- [Collected data entries]:
Lemma LS_residual_orthogonal (R : realType) m n (A : 'M[R]_(m, n)) y T (xh : 'cV[R]_n) i :
  is_LS A y T xh -> i \in T -> colinner A (y - A *m xh) i = 0.
Proof.
move=> [hs hmin] hi.
suff : 2 * colinner A (y - A *m xh) i = 0 by lra.
apply: (@quad_ge0_lin0 _ _ (sqnorm (A *m delta_mx i 0))) => e.
have hw : supp (xh - e *: delta_mx i 0) \subset T.
  apply/subsetP => j; rewrite inE !mxE.
  have [->|hij] := eqVneq j i; first by [].
  rewrite /= mulr0 subr0 => h.
  by apply: (subsetP hs); rewrite inE.
have := hmin _ hw.
have -> : y - A *m (xh - e *: delta_mx i 0) = (y - A *m xh) + e *: (A *m delta_mx i 0).
  by rewrite mulmxBr -scalemxAr opprB addrCA addrC.
rewrite sqnormD colinnerE; lra.
Qed.

Lemma LS_exact (R : realType) m n (A : 'M[R]_(m, n)) (x : 'cV[R]_n) T xh :
  is_LS A (A *m x) T xh -> supp x \subset T -> A *m (x - xh) = 0.
Proof.
move=> [_ hmin] hx; apply: sqnorm_le0.
by have := hmin x hx; rewrite subrr sqnorm0 mulmxBr.
Qed.

Section OMP.
Variables (R : realType) (m n K : nat) (A : 'M[R]_(m, n)) (x : 'cV[R]_n).
Variables (t : nat -> 'I_n) (r : nat -> 'cV[R]_m).
Hypotheses (hK : (0 < K)%N) (hR : RIP_bound A K.+1 (1 / (Num.sqrt K%:R + 1))).
Hypotheses (hx : sparse K x) (run : OMP_run A (A *m x) K t r).

Lemma omp_residual k : (k <= K)%N -> exists xh : 'cV[R]_n,
  [/\ supp xh \subset selected t k, r k = A *m (x - xh) &
      forall i, i \in selected t k -> colinner A (r k) i = 0].
Proof.
case: k => [_|k hk].
  exists 0; split; last by move=> i; rewrite selected0 inE.
    by apply/subsetP => i; rewrite inE mxE eqxx.
  by rewrite subr0 run.1.
have [_ [xh [hls ->]]] := run.2 k.+1 hk.
exists xh; split; first exact: hls.1.
  by rewrite mulmxBr.
by move=> i; exact: LS_residual_orthogonal.
Qed.

Lemma omp_step k :
  (k < K)%N -> (k < #|supp x|)%N ->
  selected t k \subset supp x -> #|selected t k| = k ->
  t k.+1 \in supp x /\ t k.+1 \notin selected t k.
Proof.
move=> hk hkS hsel hcard.
have [xh [hsupp hrk horth]] := omp_residual (ltnW hk).
have hz : supp (x - xh) \subset supp x := supp_subsetB (subxx _) (subset_trans hsupp hsel).
have hz0 : x - xh != 0.
  have /subsetPn[i hix hisel] : ~~ (supp x \subset selected t k).
    by apply: contraTN hkS => /subset_leq_card; rewrite hcard -leqNgt.
  apply: contraTneq hix => /matrixP/(_ i 0).
  by rewrite !mxE (supp_subset_coef0 hsupp hisel) subr0 inE => ->; rewrite eqxx.
have [hmax _] := run.2 k.+1 hk; rewrite /= hrk in hmax.
split.
  apply: contraT => hj.
  have [i _] := colinner_max_in_supp hK hR hx hz hz0 hj.
  by rewrite ltNge hmax.
apply: contraT; rewrite negbK => /horth; rewrite hrk => hg0.
have [i hi] := exists_colinner_neq0 hR (inv_sqrt_add1_lt1 _ hK) hz (leqW hx) hz0.
by have := hmax i; rewrite hg0 normr0 normr_le0 => ->.
Qed.

Lemma omp_selects_supp k :
  (k <= K)%N -> (k <= #|supp x|)%N ->
  (forall i, (1 <= i <= k)%N -> t i \in supp x) /\ #|selected t k| = k.
Proof.
elim: k => [|k IH] hk hkS.
  by split=> [i /andP[/leq_trans h /h]|]; rewrite ?selected0 ?cards0.
have [IHsupp IHcard] := IH (ltnW hk) (ltnW hkS).
have [htx htsel] := omp_step hk hkS (selected_subset IHsupp) IHcard.
split; last by rewrite selectedS cardsU1 htsel IHcard.
move=> i /andP[h1]; rewrite leq_eqVlt ltnS => /orP[/eqP -> //|h2].
by apply: IHsupp; rewrite h1.
Qed.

- [REQUIRED ACTION]:
Please retype every entry above exactly as it stands.

- [WRITTEN SOLUTION]:
Lemma LS_residual_orthogonal (R : realType) m n (A : 'M[R]_(m, n)) y T (xh : 'cV[R]_n) i :
  is_LS A y T xh -> i \in T -> colinner A (y - A *m xh) i = 0.
Proof.
move=> [hs hmin] hi.
suff : 2 * colinner A (y - A *m xh) i = 0 by lra.
apply: (@quad_ge0_lin0 _ _ (sqnorm (A *m delta_mx i 0))) => e.
have hw : supp (xh - e *: delta_mx i 0) \subset T.
  apply/subsetP => j; rewrite inE !mxE.
  have [->|hij] := eqVneq j i; first by [].
  rewrite /= mulr0 subr0 => h.
  by apply: (subsetP hs); rewrite inE.
have := hmin _ hw.
have -> : y - A *m (xh - e *: delta_mx i 0) = (y - A *m xh) + e *: (A *m delta_mx i 0).
  by rewrite mulmxBr -scalemxAr opprB addrCA addrC.
rewrite sqnormD colinnerE; lra.
Qed.

Lemma LS_exact (R : realType) m n (A : 'M[R]_(m, n)) (x : 'cV[R]_n) T xh :
  is_LS A (A *m x) T xh -> supp x \subset T -> A *m (x - xh) = 0.
Proof.
move=> [_ hmin] hx; apply: sqnorm_le0.
by have := hmin x hx; rewrite subrr sqnorm0 mulmxBr.
Qed.

Section OMP.
Variables (R : realType) (m n K : nat) (A : 'M[R]_(m, n)) (x : 'cV[R]_n).
Variables (t : nat -> 'I_n) (r : nat -> 'cV[R]_m).
Hypotheses (hK : (0 < K)%N) (hR : RIP_bound A K.+1 (1 / (Num.sqrt K%:R + 1))).
Hypotheses (hx : sparse K x) (run : OMP_run A (A *m x) K t r).

Lemma omp_residual k : (k <= K)%N -> exists xh : 'cV[R]_n,
  [/\ supp xh \subset selected t k, r k = A *m (x - xh) &
      forall i, i \in selected t k -> colinner A (r k) i = 0].
Proof.
case: k => [_|k hk].
  exists 0; split; last by move=> i; rewrite selected0 inE.
    by apply/subsetP => i; rewrite inE mxE eqxx.
  by rewrite subr0 run.1.
have [_ [xh [hls ->]]] := run.2 k.+1 hk.
exists xh; split; first exact: hls.1.
  by rewrite mulmxBr.
by move=> i; exact: LS_residual_orthogonal.
Qed.

Lemma omp_step k :
  (k < K)%N -> (k < #|supp x|)%N ->
  selected t k \subset supp x -> #|selected t k| = k ->
  t k.+1 \in supp x /\ t k.+1 \notin selected t k.
Proof.
move=> hk hkS hsel hcard.
have [xh [hsupp hrk horth]] := omp_residual (ltnW hk).
have hz : supp (x - xh) \subset supp x := supp_subsetB (subxx _) (subset_trans hsupp hsel).
have hz0 : x - xh != 0.
  have /subsetPn[i hix hisel] : ~~ (supp x \subset selected t k).
    by apply: contraTN hkS => /subset_leq_card; rewrite hcard -leqNgt.
  apply: contraTneq hix => /matrixP/(_ i 0).
  by rewrite !mxE (supp_subset_coef0 hsupp hisel) subr0 inE => ->; rewrite eqxx.
have [hmax _] := run.2 k.+1 hk; rewrite /= hrk in hmax.
split.
  apply: contraT => hj.
  have [i _] := colinner_max_in_supp hK hR hx hz hz0 hj.
  by rewrite ltNge hmax.
apply: contraT; rewrite negbK => /horth; rewrite hrk => hg0.
have [i hi] := exists_colinner_neq0 hR (inv_sqrt_add1_lt1 _ hK) hz (leqW hx) hz0.
by have := hmax i; rewrite hg0 normr0 normr_le0 => ->.
Qed.

Lemma omp_selects_supp k :
  (k <= K)%N -> (k <= #|supp x|)%N ->
  (forall i, (1 <= i <= k)%N -> t i \in supp x) /\ #|selected t k| = k.
Proof.
elim: k => [|k IH] hk hkS.
  by split=> [i /andP[/leq_trans h /h]|]; rewrite ?selected0 ?cards0.
have [IHsupp IHcard] := IH (ltnW hk) (ltnW hkS).
have [htx htsel] := omp_step hk hkS (selected_subset IHsupp) IHcard.
split; last by rewrite selectedS cardsU1 htsel IHcard.
move=> i /andP[h1]; rewrite leq_eqVlt ltnS => /orP[/eqP -> //|h2].
by apply: IHsupp; rewrite h1.
Qed.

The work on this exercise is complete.